- _Activity_: The stretch wanted below opens at the line containing "repeat split; cbn; intros; auto." and closes at the line containing "- rewrite <- D_comp, (D_resp". Please return it exactly, with no other lines.

- _Information supplied_:
Definition opF {A B : RawAdd} (D : Functor A B) : Functor (opR A) (opR B) :=
  @MkFunctor (opR A) (opR B) (Fob D) (fun a b f => @Fmor A B D b a f).

Definition surjective_fully_faithful {A B : RawAdd} (D : Functor A B) : Prop :=
  is_functor D /\
  (forall a b, heq (Fmor D (hzero a b)) (hzero _ _)) /\
  (forall T, exists a, Fob D a = T) /\
  (forall a b (h : @Hom B (Fob D a) (Fob D b)), exists f, heq (Fmor D f) h) /\
  (forall a b (f g : @Hom A a b), heq (Fmor D f) (Fmor D g) -> heq f g).

Lemma surjective_fully_faithful_opF {A B : RawAdd} (D : Functor A B) :
  surjective_fully_faithful D -> surjective_fully_faithful (opF D).
Proof.
  intros ((D_resp & D_id & D_comp) & D_zero & D_surj & D_full & D_faithful).
  repeat split; cbn; intros; auto.
Qed.

Lemma sff_kernel {A B : RawAdd} `{IsZeroCat B} (D : Functor A B)
    a b K (f : @Hom A a b) (k : @Hom A K a) :
  surjective_fully_faithful D -> is_kernel f k -> is_kernel (Fmor D f) (Fmor D k).
Proof.
  intros ((D_resp & _ & D_comp) & D_zero & D_surj & D_full & D_faithful) [k0 kuniv].
  split.
  - rewrite <- D_comp, (D_resp _ _ _ _ k0). apply D_zero.
  - intros T t Ht. destruct (D_surj T) as [c <-], (D_full _ _ t) as [t0 Ht0].
    destruct (kuniv c t0) as [u [Hu u_unique]].
    { apply D_faithful. now rewrite D_comp, Ht0, Ht, D_zero. }
    exists (Fmor D u). split.
    + now rewrite <- D_comp, (D_resp _ _ _ _ Hu).
    + intros u' Hu'. destruct (D_full _ _ u') as [u1 Hu1]. rewrite <- Hu1.
      apply D_resp, u_unique, D_faithful. now rewrite D_comp, Hu1, Hu', Ht0.
Qed.

Lemma sff_cokernel {A B : RawAdd} `{IsZeroCat B} (D : Functor A B)
    a b Q (f : @Hom A a b) (c : @Hom A b Q) :
  surjective_fully_faithful D -> is_cokernel f c -> is_cokernel (Fmor D f) (Fmor D c).
Proof.
  intro HD. exact (sff_kernel (opF D) b a Q f c (surjective_fully_faithful_opF D HD)).
Qed.

Section NatIso.
Context {A B : RawAdd} `{IsZeroCat B}.

Lemma nat_iso_sym (F G : Functor A B) : nat_iso F G -> nat_iso G F.
Proof.
  intros (eta & th & iso & nat). exists th, eta. split.
  - intro a. apply are_inverse_sym, iso.
  - intros a b f. destruct (iso a) as [_ ea_ta], (iso b) as [tb_eb _].
    rewrite <- (cat_comp1r (comp (th b) (Fmor G f))), <- ea_ta, !cat_compA.
    rewrite <- (cat_compA (eta a)), <- nat, !cat_compA, tb_eb, cat_comp1l.
    reflexivity.
Qed.

Lemma nat_iso_trans (F G K : Functor A B) : nat_iso F G -> nat_iso G K -> nat_iso F K.
Proof.
  intros (eta & th & iso & nat) (eta' & th' & iso' & nat').
  exists (fun a => comp (eta' a) (eta a)), (fun a => comp (th a) (th' a)). split.
  - intro a. destruct (iso a) as [i1 i2], (iso' a) as [i1' i2']. split.
    + now rewrite <- !cat_compA, (cat_compA (eta a) (eta' a)), i1', cat_comp1l.
    + now rewrite <- !cat_compA, (cat_compA (th' a) (th a)), i2, cat_comp1l.
  - intros a b f. now rewrite <- cat_compA, nat, cat_compA, nat', cat_compA.
Qed.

- _Task solution_:
  repeat split; cbn; intros; auto.
Qed.

Lemma sff_kernel {A B : RawAdd} `{IsZeroCat B} (D : Functor A B)
    a b K (f : @Hom A a b) (k : @Hom A K a) :
  surjective_fully_faithful D -> is_kernel f k -> is_kernel (Fmor D f) (Fmor D k).
Proof.
  intros ((D_resp & _ & D_comp) & D_zero & D_surj & D_full & D_faithful) [k0 kuniv].
  split.
  - rewrite <- D_comp, (D_resp _ _ _ _ k0). apply D_zero.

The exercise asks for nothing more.